## DATASET RECORDS
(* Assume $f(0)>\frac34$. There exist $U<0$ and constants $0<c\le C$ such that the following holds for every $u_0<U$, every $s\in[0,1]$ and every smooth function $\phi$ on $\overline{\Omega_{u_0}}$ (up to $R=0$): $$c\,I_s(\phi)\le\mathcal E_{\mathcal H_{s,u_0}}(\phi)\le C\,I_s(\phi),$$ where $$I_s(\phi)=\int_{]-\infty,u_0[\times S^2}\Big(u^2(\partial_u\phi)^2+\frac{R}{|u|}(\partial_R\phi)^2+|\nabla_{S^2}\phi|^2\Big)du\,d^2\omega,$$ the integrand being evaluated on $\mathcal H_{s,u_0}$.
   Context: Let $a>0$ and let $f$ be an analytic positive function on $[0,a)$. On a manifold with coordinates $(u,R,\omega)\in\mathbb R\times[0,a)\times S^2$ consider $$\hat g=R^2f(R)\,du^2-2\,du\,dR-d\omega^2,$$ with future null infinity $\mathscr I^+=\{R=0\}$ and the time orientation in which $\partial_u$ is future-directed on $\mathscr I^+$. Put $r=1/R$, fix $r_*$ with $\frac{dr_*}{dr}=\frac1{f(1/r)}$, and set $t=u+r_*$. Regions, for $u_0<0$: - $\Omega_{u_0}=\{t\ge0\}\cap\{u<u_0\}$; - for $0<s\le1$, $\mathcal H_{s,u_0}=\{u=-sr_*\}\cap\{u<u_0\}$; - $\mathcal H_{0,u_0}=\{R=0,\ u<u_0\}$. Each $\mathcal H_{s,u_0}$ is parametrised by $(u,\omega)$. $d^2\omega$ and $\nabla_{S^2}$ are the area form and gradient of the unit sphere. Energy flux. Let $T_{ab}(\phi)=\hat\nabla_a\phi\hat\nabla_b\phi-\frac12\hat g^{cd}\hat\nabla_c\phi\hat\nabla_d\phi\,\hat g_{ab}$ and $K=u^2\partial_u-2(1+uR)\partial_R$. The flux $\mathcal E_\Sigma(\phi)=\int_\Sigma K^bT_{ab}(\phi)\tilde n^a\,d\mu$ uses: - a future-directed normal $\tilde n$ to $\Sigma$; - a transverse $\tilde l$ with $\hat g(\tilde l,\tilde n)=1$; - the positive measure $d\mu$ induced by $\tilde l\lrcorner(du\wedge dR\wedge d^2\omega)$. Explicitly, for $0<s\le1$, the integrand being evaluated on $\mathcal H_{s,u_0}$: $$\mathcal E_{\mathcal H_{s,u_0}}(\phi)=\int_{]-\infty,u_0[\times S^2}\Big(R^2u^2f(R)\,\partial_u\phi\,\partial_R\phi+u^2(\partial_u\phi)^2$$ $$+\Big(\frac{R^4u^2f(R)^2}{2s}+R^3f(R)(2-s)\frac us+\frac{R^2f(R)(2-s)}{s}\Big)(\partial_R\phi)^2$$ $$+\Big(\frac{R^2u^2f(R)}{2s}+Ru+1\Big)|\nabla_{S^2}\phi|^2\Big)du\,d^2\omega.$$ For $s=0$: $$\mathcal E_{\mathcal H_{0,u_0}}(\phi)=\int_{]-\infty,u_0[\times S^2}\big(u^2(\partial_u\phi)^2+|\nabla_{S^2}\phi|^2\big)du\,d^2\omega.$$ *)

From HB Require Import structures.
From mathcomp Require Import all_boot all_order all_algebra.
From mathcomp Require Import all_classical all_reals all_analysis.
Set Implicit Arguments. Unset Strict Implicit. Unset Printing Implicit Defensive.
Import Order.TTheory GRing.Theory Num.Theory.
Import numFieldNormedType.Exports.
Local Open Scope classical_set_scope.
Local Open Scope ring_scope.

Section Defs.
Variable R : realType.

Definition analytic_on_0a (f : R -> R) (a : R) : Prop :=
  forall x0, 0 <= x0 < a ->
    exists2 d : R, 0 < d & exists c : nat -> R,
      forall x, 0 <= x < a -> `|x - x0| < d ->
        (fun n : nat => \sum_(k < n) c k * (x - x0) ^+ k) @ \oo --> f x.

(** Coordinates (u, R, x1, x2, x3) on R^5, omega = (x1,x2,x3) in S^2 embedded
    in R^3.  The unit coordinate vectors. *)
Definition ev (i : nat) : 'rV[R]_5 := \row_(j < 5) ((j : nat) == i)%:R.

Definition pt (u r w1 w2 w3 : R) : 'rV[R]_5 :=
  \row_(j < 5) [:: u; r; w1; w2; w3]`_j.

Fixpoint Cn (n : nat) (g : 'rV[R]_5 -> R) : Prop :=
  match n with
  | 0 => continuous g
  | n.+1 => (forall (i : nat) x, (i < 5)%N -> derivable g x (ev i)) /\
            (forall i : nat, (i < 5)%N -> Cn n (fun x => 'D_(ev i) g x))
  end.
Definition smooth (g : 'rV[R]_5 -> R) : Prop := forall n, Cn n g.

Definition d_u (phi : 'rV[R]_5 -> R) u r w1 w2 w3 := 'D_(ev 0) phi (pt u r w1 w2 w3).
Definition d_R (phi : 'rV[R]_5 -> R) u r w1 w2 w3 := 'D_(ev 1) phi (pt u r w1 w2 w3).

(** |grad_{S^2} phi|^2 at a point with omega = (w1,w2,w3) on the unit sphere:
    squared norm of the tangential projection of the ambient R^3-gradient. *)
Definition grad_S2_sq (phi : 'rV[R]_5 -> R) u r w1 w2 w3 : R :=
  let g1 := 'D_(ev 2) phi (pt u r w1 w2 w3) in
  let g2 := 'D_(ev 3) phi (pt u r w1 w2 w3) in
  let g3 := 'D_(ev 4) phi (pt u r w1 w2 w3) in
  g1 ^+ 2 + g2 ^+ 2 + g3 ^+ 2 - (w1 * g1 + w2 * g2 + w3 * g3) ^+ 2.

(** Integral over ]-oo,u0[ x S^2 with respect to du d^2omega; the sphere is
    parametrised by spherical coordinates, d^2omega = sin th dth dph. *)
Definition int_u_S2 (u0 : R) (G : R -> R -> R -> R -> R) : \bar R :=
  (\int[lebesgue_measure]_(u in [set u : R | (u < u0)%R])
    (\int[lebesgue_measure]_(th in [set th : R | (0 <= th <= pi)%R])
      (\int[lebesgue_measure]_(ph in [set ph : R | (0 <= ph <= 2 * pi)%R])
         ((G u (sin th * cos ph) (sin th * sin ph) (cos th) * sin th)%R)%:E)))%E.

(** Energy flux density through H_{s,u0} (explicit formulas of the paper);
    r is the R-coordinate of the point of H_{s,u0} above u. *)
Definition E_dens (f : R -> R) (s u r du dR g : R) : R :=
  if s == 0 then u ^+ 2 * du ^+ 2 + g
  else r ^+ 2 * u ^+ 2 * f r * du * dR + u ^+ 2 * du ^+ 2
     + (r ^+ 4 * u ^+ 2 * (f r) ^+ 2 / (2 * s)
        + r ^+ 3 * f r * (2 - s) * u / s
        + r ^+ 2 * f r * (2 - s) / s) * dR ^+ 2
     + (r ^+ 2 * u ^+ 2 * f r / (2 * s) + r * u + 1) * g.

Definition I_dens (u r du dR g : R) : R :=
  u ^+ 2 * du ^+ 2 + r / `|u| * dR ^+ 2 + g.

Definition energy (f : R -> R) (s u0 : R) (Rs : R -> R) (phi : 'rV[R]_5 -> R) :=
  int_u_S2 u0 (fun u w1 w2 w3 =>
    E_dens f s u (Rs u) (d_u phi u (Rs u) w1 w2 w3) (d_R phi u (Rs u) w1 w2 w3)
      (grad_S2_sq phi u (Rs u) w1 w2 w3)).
--
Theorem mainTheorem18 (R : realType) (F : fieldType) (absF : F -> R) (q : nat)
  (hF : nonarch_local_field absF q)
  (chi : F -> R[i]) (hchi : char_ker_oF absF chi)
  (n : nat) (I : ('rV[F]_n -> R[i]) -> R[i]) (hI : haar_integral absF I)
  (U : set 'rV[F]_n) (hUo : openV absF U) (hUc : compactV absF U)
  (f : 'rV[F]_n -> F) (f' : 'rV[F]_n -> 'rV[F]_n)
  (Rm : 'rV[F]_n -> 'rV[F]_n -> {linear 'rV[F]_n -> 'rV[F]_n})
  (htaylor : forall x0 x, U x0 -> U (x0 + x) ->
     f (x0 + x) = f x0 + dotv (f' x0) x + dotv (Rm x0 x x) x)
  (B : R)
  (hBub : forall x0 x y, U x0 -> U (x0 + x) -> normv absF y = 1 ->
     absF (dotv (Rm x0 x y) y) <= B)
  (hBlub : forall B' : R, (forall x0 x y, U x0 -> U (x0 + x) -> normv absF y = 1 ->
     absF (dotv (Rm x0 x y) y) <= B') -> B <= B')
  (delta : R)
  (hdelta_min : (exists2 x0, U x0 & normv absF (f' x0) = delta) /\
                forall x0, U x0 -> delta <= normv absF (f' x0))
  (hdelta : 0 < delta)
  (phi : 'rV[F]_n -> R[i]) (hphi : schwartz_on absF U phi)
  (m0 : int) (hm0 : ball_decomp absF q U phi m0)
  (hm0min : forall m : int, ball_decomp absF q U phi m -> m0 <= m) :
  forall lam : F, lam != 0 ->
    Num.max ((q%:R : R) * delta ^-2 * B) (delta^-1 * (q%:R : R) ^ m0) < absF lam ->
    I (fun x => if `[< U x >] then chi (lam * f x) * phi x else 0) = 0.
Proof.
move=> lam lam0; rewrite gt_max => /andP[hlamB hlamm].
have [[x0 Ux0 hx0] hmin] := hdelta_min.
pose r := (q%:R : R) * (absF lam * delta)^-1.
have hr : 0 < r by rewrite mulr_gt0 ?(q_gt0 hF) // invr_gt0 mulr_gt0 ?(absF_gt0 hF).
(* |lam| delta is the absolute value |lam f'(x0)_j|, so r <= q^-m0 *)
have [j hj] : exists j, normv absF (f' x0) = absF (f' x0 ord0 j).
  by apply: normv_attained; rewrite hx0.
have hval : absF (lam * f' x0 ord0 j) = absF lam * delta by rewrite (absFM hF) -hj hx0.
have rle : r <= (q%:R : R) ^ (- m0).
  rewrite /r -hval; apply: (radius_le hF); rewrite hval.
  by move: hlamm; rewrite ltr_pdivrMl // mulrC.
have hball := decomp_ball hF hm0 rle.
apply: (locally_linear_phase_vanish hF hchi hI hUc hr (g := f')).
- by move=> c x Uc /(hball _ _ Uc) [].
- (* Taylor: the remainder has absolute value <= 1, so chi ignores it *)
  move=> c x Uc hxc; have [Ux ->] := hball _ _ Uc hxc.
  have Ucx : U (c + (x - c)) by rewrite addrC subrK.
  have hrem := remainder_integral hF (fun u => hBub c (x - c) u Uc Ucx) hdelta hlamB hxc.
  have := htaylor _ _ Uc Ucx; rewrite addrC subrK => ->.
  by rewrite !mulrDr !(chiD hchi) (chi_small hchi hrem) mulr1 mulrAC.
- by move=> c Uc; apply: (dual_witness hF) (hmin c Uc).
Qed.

## EXERCISE
Looking at the data above, return every line from the one with "(hBlub : forall" down to the one with "(phi : 'rV[F]_n", exactly and inclusively.

## WRITTEN SOLUTION
  (hBlub : forall B' : R, (forall x0 x y, U x0 -> U (x0 + x) -> normv absF y = 1 ->
     absF (dotv (Rm x0 x y) y) <= B') -> B <= B')
  (delta : R)
  (hdelta_min : (exists2 x0, U x0 & normv absF (f' x0) = delta) /\
                forall x0, U x0 -> delta <= normv absF (f' x0))
  (hdelta : 0 < delta)
  (phi : 'rV[F]_n -> R[i]) (hphi : schwartz_on absF U phi)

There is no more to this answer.